Эта вездесущая приветливость мира была Мальвину в новинку. Прежде он полагал себя неспособным к беспочвенному оптимизму, но то было прежде, а сейчас в голове определённо хозяйничал ветер. Приступ оптимизма в день похорон — после похорон, похоронами инспирированный — наверняка странен, но изнутри-то он ощущался самым закономерным следствием.

Вот ведь курьёз: никогда Мальвин не относился серьёзно к болтовне графа о росском характере, которому вредит-де европейское влияние, однако сегодня вдруг подловил себя на глубинном каком-то согласии с тем, на что обыкновенно смотрел скептически.

Нет, и раньше было ясно, что политическая независимость от Европ — это верно, правильно, достойно, а обязательная для неё экономическая самостоятельность принесёт несомненную пользу, но, позвольте, при чём здесь кровь или культура?

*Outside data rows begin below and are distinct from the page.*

(* Let $x_1,x_2,x_3,x_4\in\mathbb{Z}^3$ be the vertices of a Fano tetrahedron, and let $\lambda_1,\ldots,\lambda_4$ be non-negative integers with $\gcd(\lambda_1,\ldots,\lambda_4)=1$ such that, with $h=\lambda_1+\cdots+\lambda_4$, $\sum_i\lambda_ix_i=0$ (so $\lambda_i/h$ are the barycentric coordinates of the origin). Then (i) $\sum_{i=1}^4\left\lceil\frac{\kappa\lambda_i}{h}\right\rceil=\kappa+2$ for all integers $\kappa\in\{2,\ldots,h-2\}$, and (ii) $\gcd(\lambda_i,h)=1$ for $i=1,\ldots,4$.
   Context: A tetrahedron is called Fano if its vertices lie in $\mathbb{Z}^3$ and the only lattice point it contains other than its vertices is the origin, which lies strictly in its interior. $\lceil q\rceil=\min\{a\in\mathbb{Z}: a\ge q\}$. *)

From Stdlib Require Import ZArith Reals QArith Qround.

Definition pt := (Z * Z * Z)%type.
Definition cx (p : pt) : Z := fst (fst p).
Definition cy (p : pt) : Z := snd (fst p).
Definition cz (p : pt) : Z := snd p.

Definition in_hull (x1 x2 x3 x4 : pt) (a b c : R) : Prop :=
  exists m1 m2 m3 m4 : R,
    (0 <= m1)%R /\ (0 <= m2)%R /\ (0 <= m3)%R /\ (0 <= m4)%R /\
    (m1 + m2 + m3 + m4 = 1)%R /\
    a = (m1 * IZR (cx x1) + m2 * IZR (cx x2) + m3 * IZR (cx x3) + m4 * IZR (cx x4))%R /\
    b = (m1 * IZR (cy x1) + m2 * IZR (cy x2) + m3 * IZR (cy x3) + m4 * IZR (cy x4))%R /\
    c = (m1 * IZR (cz x1) + m2 * IZR (cz x2) + m3 * IZR (cz x3) + m4 * IZR (cz x4))%R.

Definition lattice_in_hull (x1 x2 x3 x4 : pt) (p : pt) : Prop :=
  in_hull x1 x2 x3 x4 (IZR (cx p)) (IZR (cy p)) (IZR (cz p)).

Definition origin_in_interior (x1 x2 x3 x4 : pt) : Prop :=
  exists eps : R, (0 < eps)%R /\
    forall a b c : R, (Rabs a < eps)%R -> (Rabs b < eps)%R -> (Rabs c < eps)%R ->
      in_hull x1 x2 x3 x4 a b c.

Definition sub (p q : pt) : pt := (cx p - cx q, cy p - cy q, cz p - cz q)%Z.

Definition det3 (u v w : pt) : Z :=
  (cx u * (cy v * cz w - cz v * cy w)
   - cy u * (cx v * cz w - cz v * cx w)
   + cz u * (cx v * cy w - cy v * cx w))%Z.

Definition nondegenerate (x1 x2 x3 x4 : pt) : Prop :=
  det3 (sub x2 x1) (sub x3 x1) (sub x4 x1) <> 0%Z.

Definition origin : pt := (0, 0, 0)%Z.

Definition fano_tetrahedron (x1 x2 x3 x4 : pt) : Prop :=
  nondegenerate x1 x2 x3 x4 /\
  origin_in_interior x1 x2 x3 x4 /\
  forall p : pt, lattice_in_hull x1 x2 x3 x4 p ->
    p = origin \/ p = x1 \/ p = x2 \/ p = x3 \/ p = x4.

Definition ceil_frac (n h : Z) : Z := Qceiling (inject_Z n / inject_Z h)%Q.

From Stdlib Require Import ZArith Reals QArith Qround Lia Lra.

Кровью морочат себе головы люди одновременно впечатлительные и неотёсанные; сложись их жизнь иначе, они бы с не меньшим восторгом рассуждали о судьбоносности положения звёзд на небе в момент рождения. Что же касается культуры — разве она не цветная обёртка процессов глубоко практических и прозаических? Разве мыслимо, чтобы обёртка играла хоть сколько-нибудь значимую роль? А уж «менталитет» и «национальный характер» представлялись Мальвину форменными миражами, в коих нуждаются одни лишь малые народы — вроде тех же тавров, — чтобы не терять в отсутствие собственной государственности стимул к существованию.

Мальвин этими своими взглядами дорожил и видел их чрезвычайно прогрессивными, быть может, несколько опережающими время. Но уж что пора господства подобных взглядов настанет, он знал наверняка.

А сегодня утром прогрессивные взгляды умудрились заплутать в реденьком леске подле Межевки.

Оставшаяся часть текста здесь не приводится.